(* Let $\varphi(u,\mathbf{v})$ be a formula of $\{\exists,\forall,\wedge,\vee\}$-FO, where the arity of $\mathbf{v}$ is $k$. Let $\mathcal{B}$ be a finite structure with $\forall_b \exists_{b'}$ as a she. For all $c \in B$ and $\mathbf{x}:=(x_1,\ldots,x_k) \in \{b,b'\}^k$, \[ \mathcal{B} \models \varphi(b,\mathbf{x}) \ \stackrel{(I)}{\Longrightarrow} \ \mathcal{B} \models \varphi(c,\mathbf{x}) \ \stackrel{(II)}{\Longrightarrow} \ \mathcal{B} \models \varphi(b',\mathbf{x}). \]
   Context: $\{\exists,\forall,\wedge,\vee\}$-FO is the positive equality-free fragment of first-order logic. For distinct $b,b'\in B$, the hyper-operation $\forall_b\exists_{b'}:B\to\mathfrak{P}(B)\setminus\{\emptyset\}$ maps $b\mapsto B$ and every $x\neq b$ to $\{b'\}$. A she (surjective hyper-endomorphism) of $\mathcal{B}$ is a surjective hyper-operation $f$ (every element lies in some image) such that whenever $\mathcal{B}\models R(x_1,\ldots,x_i)$ for an extensional relation $R$, also $\mathcal{B}\models R(y_1,\ldots,y_i)$ for all $y_j\in f(x_j)$. *)

From mathcomp Require Import all_boot.
Set Implicit Arguments. Unset Strict Implicit. Unset Printing Implicit Defensive.

Section PosFO.
Variables (Sig : Type) (ar : Sig -> nat).

(* Formulas of the positive equality-free fragment {exists, forall, /\, \/}-FO.
   Variables are natural numbers. *)
Inductive pform : Type :=
  | PAtom (R : Sig) (args : (ar R).-tuple nat)
  | PAnd (p q : pform)
  | POr (p q : pform)
  | PEx (x : nat) (p : pform)
  | PAll (x : nat) (p : pform).

Fixpoint free_in (y : nat) (p : pform) : bool :=
  match p with
  | PAtom R args => y \in (args : seq nat)
  | PAnd p q => free_in y p || free_in y q
  | POr p q => free_in y p || free_in y q
  | PEx x p => (y != x) && free_in y p
  | PAll x p => (y != x) && free_in y p
  end.

Variable B : finType.
Variable interp : forall R : Sig, pred ((ar R).-tuple B).

Definition upd (e : nat -> B) (x : nat) (a : B) : nat -> B :=
  fun y => if y == x then a else e y.

Fixpoint sat (e : nat -> B) (p : pform) : Prop :=
  match p with
  | PAtom R args => interp (map_tuple e args)
  | PAnd p q => sat e p /\ sat e q
  | POr p q => sat e p \/ sat e q
  | PEx x p => exists a : B, sat (upd e x a) p
  | PAll x p => forall a : B, sat (upd e x a) p
  end.

(* Hyper-operations B -> P(B) \ {emptyset}, represented as B -> {set B}
   (non-emptiness is part of [is_she]). *)
Definition is_she (f : B -> {set B}) : Prop :=
  [/\ (forall x, f x != set0),
      (forall y, exists x, y \in f x) &
      (forall (R : Sig) (t t' : (ar R).-tuple B),
          interp t -> (forall j : 'I_(ar R), tnth t' j \in f (tnth t j)) ->
          interp t')].

Definition forall_exists (b b' : B) : B -> {set B} :=
  fun x => if x == b then [set: B] else [set b'].

(* Environment for phi(u, v_1..v_k): variable 0 is u, variable i+1 is v_{i+1}. *)
Definition env (k : nat) (u : B) (xs : k.-tuple B) : nat -> B :=
  fun i => if i is j.+1 then nth u xs j else u.

End PosFO.

From mathcomp Require Import all_boot.

(* A she [f] relates an assignment [e] to every [e'] with [e' y \in f (e y)],
   and satisfaction of positive equality-free formulas is preserved along this
   relation: atoms by the she condition, existential witnesses are pushed
   forward since [f a] is non-empty, universal ones pulled back by surjectivity.
   For [f = forall_b exists_b'] with [b, b'] fixed by [f], the environment with
   [u := b] is related to the one with [u := c], which is related to the one
   with [u := b']. *)

Section SheTransfer.
Variables (Sig : Type) (ar : Sig -> nat) (B : finType).
Variable interp : forall R : Sig, pred ((ar R).-tuple B).
Variable f : B -> {set B}.

Lemma upd_rel (e e' : nat -> B) x a a' :
  (forall y, e' y \in f (e y)) -> a' \in f a ->
  forall y, upd e' x a' y \in f (upd e x a y).
Proof. by move=> ee' aa' y; rewrite /upd; case: (y == x). Qed.

Lemma she_sat (phi : pform ar) (e e' : nat -> B) :
  is_she interp f -> (forall y, e' y \in f (e y)) ->
  sat interp e phi -> sat interp e' phi.
Proof.
case=> f_neq0 f_onto f_hom.
elim: phi e e' => [R args|p IHp q IHq|p IHp q IHq|x p IHp|x p IHp] e e' ee' /=.
- by move=> /f_hom; apply=> j; rewrite !tnth_map.
- by case=> /(IHp _ _ ee') ? /(IHq _ _ ee').
- by case=> [/(IHp _ _ ee')|/(IHq _ _ ee')]; [left|right].
- case=> a sat_a; have [|[a' aa']] := set_0Vmem (f a).
    by move/eqP; rewrite (negbTE (f_neq0 a)).
  by exists a'; apply: IHp sat_a; apply: upd_rel.
- move=> sat_all a'; have [a aa'] := f_onto a'.
  by apply: IHp (sat_all a); apply: upd_rel.
Qed.

Lemma env_rel k u u' (xs : k.-tuple B) :
  u' \in f u -> (forall i : 'I_k, tnth xs i \in f (tnth xs i)) ->
  forall y, env u' xs y \in f (env u xs y).
Proof.
move=> uu' xs_fixed [|j] //=; have [lt_jk|le_kj] := ltnP j k.
  rewrite (set_nth_default u) ?size_tuple //.
  by have := xs_fixed (Ordinal lt_jk); rewrite (tnth_nth u).
by rewrite !nth_default ?size_tuple.
Qed.

End SheTransfer.

Section ForallExists.
Variables (B : finType) (b b' : B).

Lemma forall_exists_b z : z \in forall_exists b b' b.
Proof. by rewrite /forall_exists eqxx inE. Qed.

Lemma forall_exists_b' z : b' \in forall_exists b b' z.
Proof. by rewrite /forall_exists; case: (z == b); rewrite inE. Qed.

Lemma forall_exists_fixed x :
  b != b' -> x \in [:: b; b'] -> x \in forall_exists b b' x.
Proof.
move=> neq_bb'; rewrite !inE => /orP[] /eqP ->; first exact: forall_exists_b.
exact: forall_exists_b'.
Qed.

End ForallExists.

Theorem lemma3p3 (Sig : Type) (ar : Sig -> nat) (B : finType)
  (interp : forall R : Sig, pred ((ar R).-tuple B))
  (k : nat) (phi : pform ar)
  (Hfree : forall y, free_in y phi -> y <= k)
  (b b' : B) (Hbb' : b != b')
  (Hshe : is_she interp (forall_exists b b'))
  (c : B) (xs : k.-tuple B)
  (Hxs : forall i : 'I_k, tnth xs i \in [:: b; b']) :
  (sat interp (env b xs) phi -> sat interp (env c xs) phi) /\
  (sat interp (env c xs) phi -> sat interp (env b' xs) phi).
Proof.
have xs_fixed i : tnth xs i \in forall_exists b b' (tnth xs i).
  exact: forall_exists_fixed.
split; apply: she_sat Hshe _; apply: env_rel => //.
- exact: forall_exists_b.
- exact: forall_exists_b'.
Qed.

====================

#### Problem to work on
Wherever a line in the records contains the word "finType", copy that line.

#### Task output
Variable B : finType.
Variables (Sig : Type) (ar : Sig -> nat) (B : finType).
Variables (B : finType) (b b' : B).
Theorem lemma3p3 (Sig : Type) (ar : Sig -> nat) (B : finType)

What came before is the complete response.